1- Meşru Sebep:

 

Kur'ân'da bu sebep "nüşuz" kelimesiyle ifade edilir. Türkçe meallerde umumiyetle hep "serkeşlik" olarak tercüme edilmiştir. Kelime Arapça'da yükseklik, tümseklik, sivrilik gibi mânalara gelir. Selef âlimleri kadınla ilgili olarak Kur'ân'da gelen bu tavırdan "kocasına isyanı, koku sürünmemesi, kocasını nefsinden men etmesi, kocasına daha önceki davranışını değiştirmesi, kocasına sevgisizlik izhar etmesi, kocasının tâyin ettiği evde oturmayı kabul etmeyip bir başka yerde oturması gibi durumları anlatmıştır.
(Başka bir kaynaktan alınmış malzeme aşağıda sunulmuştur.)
(* [A0] averages the translations [|f> |-> |f + delta t>] over all (-1)-cochains [t], so
   [A0 |f>] is the normalised indicator function of the coset [f + im delta^{-1}]; in particular
   [A0 |f> = A0 |g>] iff [f - g] is a coboundary.  Every (-1)-cochain is a sum of local elements
   [h x^*], so the [A_x^0] together fix exactly the states that are constant on these cosets.
   By orthogonality of characters of the finite abelian groups [G_n] (enough characters exist
   because a character of a subgroup extends one cyclic step at a time), [B_x^0] keeps [|f>] if
   [(delta f)_x = 0] and kills it otherwise.  So [H_0] consists of the states supported on
   [ker delta^0] and constant on cosets of [im delta^{-1}]: these are spanned by the coset
   indicators [A0 |f>], [f] in [ker delta^0], which have pairwise disjoint supports. *)

Lemma natr_card_neq0 (R : numDomainType) (T : finType) (x : T) : (#|T|%:R : R) != 0.
Proof. by rewrite pnatr_eq0 -lt0n; apply/card_gt0P; exists x. Qed.

Lemma mul_fixed_eq0 (R : idomainType) (c x : R) : c != 1 -> c * x = x -> x = 0.
Proof.
move=> c_neq1 /eqP; rewrite -subr_eq0 -{2}[x]mul1r -mulrBl mulf_eq0 subr_eq0.
by rewrite (negbTE c_neq1) => /eqP.
Qed.
(* Let $J$ be a Jacobi matrix and $g_n,c_n$ as in the context. (i) If $\sum_{n=1}^\infty[|b_n|+|a_n^2-1|]<\infty$, then $u(z;J)=\lim_{n\to\infty}g_n(z)$ converges for all $z\in\overline{\mathbb{D}}\setminus\{\pm1\}$, uniformly on compact subsets of $\overline{\mathbb{D}}\setminus\{\pm1\}$; $u$ is analytic on $\mathbb{D}$ and continuous on $\overline{\mathbb{D}}\setminus\{\pm1\}$; and for $z\in\mathbb{D}$, $\lim_{n\to\infty}c_n(z)=\frac{u(z;J)}{1-z^2}$. (ii) If $\sum_{n=1}^\infty n[|b_n|+|a_n^2-1|]<\infty$, then $\lim_n g_n(z)$ converges for all $z\in\overline{\mathbb{D}}$, uniformly there, and $u$ is continuous on $\overline{\mathbb{D}}$. (iii) If $|b_n|+|a_n^2-1|\le CR^{-2n}$ for some $C$ and $R>1$, then $\lim_n g_n(z)$ converges for $z\in\{|z|<R\}$, uniformly on compact subsets.
   Context: $J$ is a Jacobi matrix with diagonal entries $b_n\in\mathbb{R}$ and off-diagonal entries $a_n>0$ ($n\ge1$); set $a_0=1$. The orthonormal polynomials satisfy $p_{-1}=0$, $p_0=1$, $xp_n(x)=a_{n+1}p_{n+1}(x)+b_{n+1}p_n(x)+a_np_{n-1}(x)$. Define $c_n(z)=z^np_n(z+z^{-1})$ and $g_n(z)=z^n\bigl(p_n(z+z^{-1})-a_nzp_{n-1}(z+z^{-1})\bigr)$. $\mathbb{D}=\{|z|<1\}$. *)

From Stdlib Require Import Reals List.
From Coquelicot Require Import Coquelicot.
Open Scope R_scope.

(* Jacobi parameters: a, b : nat -> R; only a n, b n for n >= 1 are used;
   the convention a_0 = 1 is built in through [a0]. *)
Definition a0 (a : nat -> R) (n : nat) : R := match n with O => 1 | _ => a n end.

(* coefficients of the orthonormal polynomials:
   jcoef a b n = (coefficients of p_n, coefficients of p_(n-1)),
   with p_(-1) = 0, p_0 = 1 and
   p_(m+1)(x) = ((x - b_(m+1)) p_m(x) - a_m p_(m-1)(x)) / a_(m+1). *)
Fixpoint jcoef (a b : nat -> R) (n : nat) : (nat -> R) * (nat -> R) :=
  match n with
  | O => (fun k => match k with O => 1 | _ => 0 end, fun _ => 0)
  | S m =>
      let (p, q) := jcoef a b m in
      (fun k => ((match k with O => 0 | S k' => p k' end)
                 - b (S m) * p k - a0 a m * q k) / a (S m), p)
  end.

Definition pcoef (a b : nat -> R) (n k : nat) : R := fst (jcoef a b n) k.

Definition pn (a b : nat -> R) (n : nat) (x : C) : C :=
  sum_n (fun k => RtoC (pcoef a b n k) * pow_n x k)%C n.

(* c_n(z) = z^n p_n(z + 1/z), written out as the polynomial
   sum_{k<=n} pcoef n k z^(n-k) (1+z^2)^k  (this is z^n p_n(z+z^{-1})
   for z <> 0, and its polynomial (continuous) extension at z = 0). *)
Definition cn (a b : nat -> R) (n : nat) (z : C) : C :=
  sum_n (fun k => RtoC (pcoef a b n k) * pow_n z (n - k)
                   * pow_n (1 + z * z) k)%C n.

(* g_n(z) = z^n (p_n(z+1/z) - a_n z p_(n-1)(z+1/z))
          = c_n(z) - a_n z^2 c_(n-1)(z)  (and g_0 = c_0 = 1 since p_(-1)=0) *)
Definition gn (a b : nat -> R) (n : nat) (z : C) : C :=
  match n with
  | O => cn a b O z
  | S m => (cn a b (S m) z - RtoC (a (S m)) * z * z * cn a b m z)%C
  end.

Definition compact_C (K : C -> Prop) : Prop :=
  forall (I : Type) (U : I -> C -> Prop),
    (forall i, @open C_UniformSpace (U i)) ->
    (forall z, K z -> exists i, U i z) ->
    exists l : list I, forall z, K z -> exists i, In i l /\ U i z.

Definition cv_C (s : nat -> C) (l : C) : Prop :=
  forall eps : R, 0 < eps -> exists N : nat, forall n, (N <= n)%nat ->
    Cmod (s n - l)%C < eps.

Definition unif_cv_on (f : nat -> C -> C) (u : C -> C) (S : C -> Prop) : Prop :=
  forall eps : R, 0 < eps -> exists N : nat, forall n z, (N <= n)%nat -> S z ->
    Cmod (f n z - u z)%C < eps.

Definition unif_cv_compacts (f : nat -> C -> C) (u : C -> C) (S : C -> Prop) : Prop :=
  forall K : C -> Prop, compact_C K -> (forall z, K z -> S z) -> unif_cv_on f u K.

Definition continuous_on_C (u : C -> C) (S : C -> Prop) : Prop :=
  forall z, S z -> forall eps : R, 0 < eps -> exists delta : R, 0 < delta /\
    forall w, S w -> Cmod (w - z)%C < delta -> Cmod (u w - u z)%C < eps.

Definition analytic_on (u : C -> C) (S : C -> Prop) : Prop :=
  forall z0, S z0 -> exists (r : R) (c : nat -> C), 0 < r /\
    forall z, Cmod (z - z0)%C < r -> @is_pseries C_AbsRing C_NormedModule c (z - z0)%C (u z).

Definition open_disk (z : C) : Prop := Cmod z < 1.
Definition closed_disk (z : C) : Prop := Cmod z <= 1.
Definition closed_disk_pm1 (z : C) : Prop :=
  Cmod z <= 1 /\ z <> RtoC 1 /\ z <> RtoC (-1).
Definition disk_R (R0 : R) (z : C) : Prop := Cmod z < R0.

Definition jdev (a b : nat -> R) (n : nat) : R := Rabs (b n) + Rabs (a n ^ 2 - 1).

(* With [d_n = g_(n+1) - g_n] the recurrence gives
     a_(n+1) d_n = (1 - a_(n+1)) g_n + ((1 - a_(n+1)^2) z^2 - b_(n+1) z) c_n,
     c_(n+1) = g_(n+1) + a_(n+1) z^2 c_n.
   For |z| <= t these two relations yield a discrete Gronwall bound
   |d_n| <= r_n prod_(k<n) (1 + r_k) with r_n ~ (|b_(n+1)| + |a_(n+1)^2 - 1|) sum_(k<=n) t^(2k);
   r is summable for t < 1 under (i), for t = 1 under (ii) and for t < R under (iii), so g_n
   converges uniformly on |z| <= t.  On the unit circle away from +-1, c_n is controlled instead
   through the defect (1 - z^2) c_n - g_n, which obeys a recursion of the same kind; for |z| < 1
   the defect contracts by |z|^2, hence c_n -> u / (1 - z^2).  The same inequalities hold for
   weighted l^1 norms of the Taylor coefficients of g_n(z0 + w), so around each z0 in the disk u
   is the sum of the limiting power series. *)

From Stdlib Require Import Reals Lra Lia List.
From Coquelicot Require Import Coquelicot.
Open Scope R_scope.

(* [sum_n] and [pow_n] are stated with Coquelicot's generic ring operations. *)
Ltac to_C_ops :=
  change plus with Cplus in *; change mult with Cmult in *;
  change one with (RtoC 1) in *; change zero with (RtoC 0) in *.

(** * Real sequences *)

Fixpoint psum (f : nat -> R) (n : nat) : R :=
  match n with O => 0 | S k => psum f k + f k end.

Fixpoint prod1p (f : nat -> R) (n : nat) : R :=
  match n with O => 1 | S k => prod1p f k * (1 + f k) end.

Lemma psum_S f n : psum f (S n) = sum_n f n.
Proof.
  induction n; simpl psum in *.
  - rewrite sum_O. ring.
  - rewrite sum_Sn, IHn. reflexivity.
Qed.

Lemma is_lim_seq_psum f : ex_series f -> is_lim_seq (psum f) (Series f).
Proof.
  intros H. apply is_lim_seq_incr_1. eapply is_lim_seq_ext.
  - intros n. symmetry. apply psum_S.
  - now apply Series_correct.
Qed.

Lemma psum_le_Series f n : (forall k, 0 <= f k) -> ex_series f -> psum f n <= Series f.
Proof.
  intros Hf Hex. apply (is_lim_seq_incr_compare _ _ (is_lim_seq_psum f Hex)).
  intros k. simpl. specialize (Hf k). lra.
Qed.

Lemma prod1p_ge1 f n : (forall k, 0 <= f k) -> 1 <= prod1p f n.
Proof. intros H. induction n; simpl; [lra|]. specialize (H n). nra. Qed.

Lemma le_prod1p_of_step f x c n : (forall k, 0 <= f k) ->
  (forall k, x (S k) <= x k * (1 + f k)) -> x 0%nat <= c -> x n <= c * prod1p f n.
Proof.
  intros Hf Hx Hc. induction n; simpl; [lra|].
  eapply Rle_trans; [apply Hx|]. rewrite <- Rmult_assoc.
  apply Rmult_le_compat_r; [specialize (Hf n); lra | easy].
Qed.

Lemma prod1p_le_exp f n : (forall k, 0 <= f k) -> prod1p f n <= exp (psum f n).
Proof.
  intros H. induction n; simpl.
  - rewrite exp_0. lra.
  - rewrite exp_plus. pose proof (exp_ineq1_le (f n)). pose proof (prod1p_ge1 f n H).
    specialize (H n). apply Rmult_le_compat; lra.
Qed.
Yani, kocasına karşı olan vecibelerini yerine getirmemesi diye hülâsa edebiliriz. Vecibe olmayan işlerdeki itaatsizlikten dolayı dövmeye hakkı yoktur. Ev işlerini yapmaması gibi.

Veda Hutbesi'nde, kadını dövmeyi meşru kılan suç "nüşuz" kelimesiyle değil, "fâhiş" kelimesiyle ifade edilmiştir. Biz "çirkinlik" olarak tercüme ettik. Bunu, dilimizde aynı kökten fuhuş kelimesiyle tercümeyi uygun bulmadık. Çünkü fuhuş, zina mânasına gelir. Halbuki burada zinanın kastedilmiş olması mümkün değildir. Çünkü zinanın cezası recm denen hadd-i zina'dır. Bunun dayakla geçiştirilmesi mümkün değildir. Öyle ise, bu hutbede geçen fâhiş kelimesini fuhuşla açıklamak ve böylece Kur'ân'da geçen "nüşuz" kelimesinin vuzuha kavuşturulduğunu söylemek uygun olmaz.[1]


 

[1] İbrahim Canan, Kutub-i Sitte Tercüme ve Şerhi, Akçağ Yayınları: 2/307-308.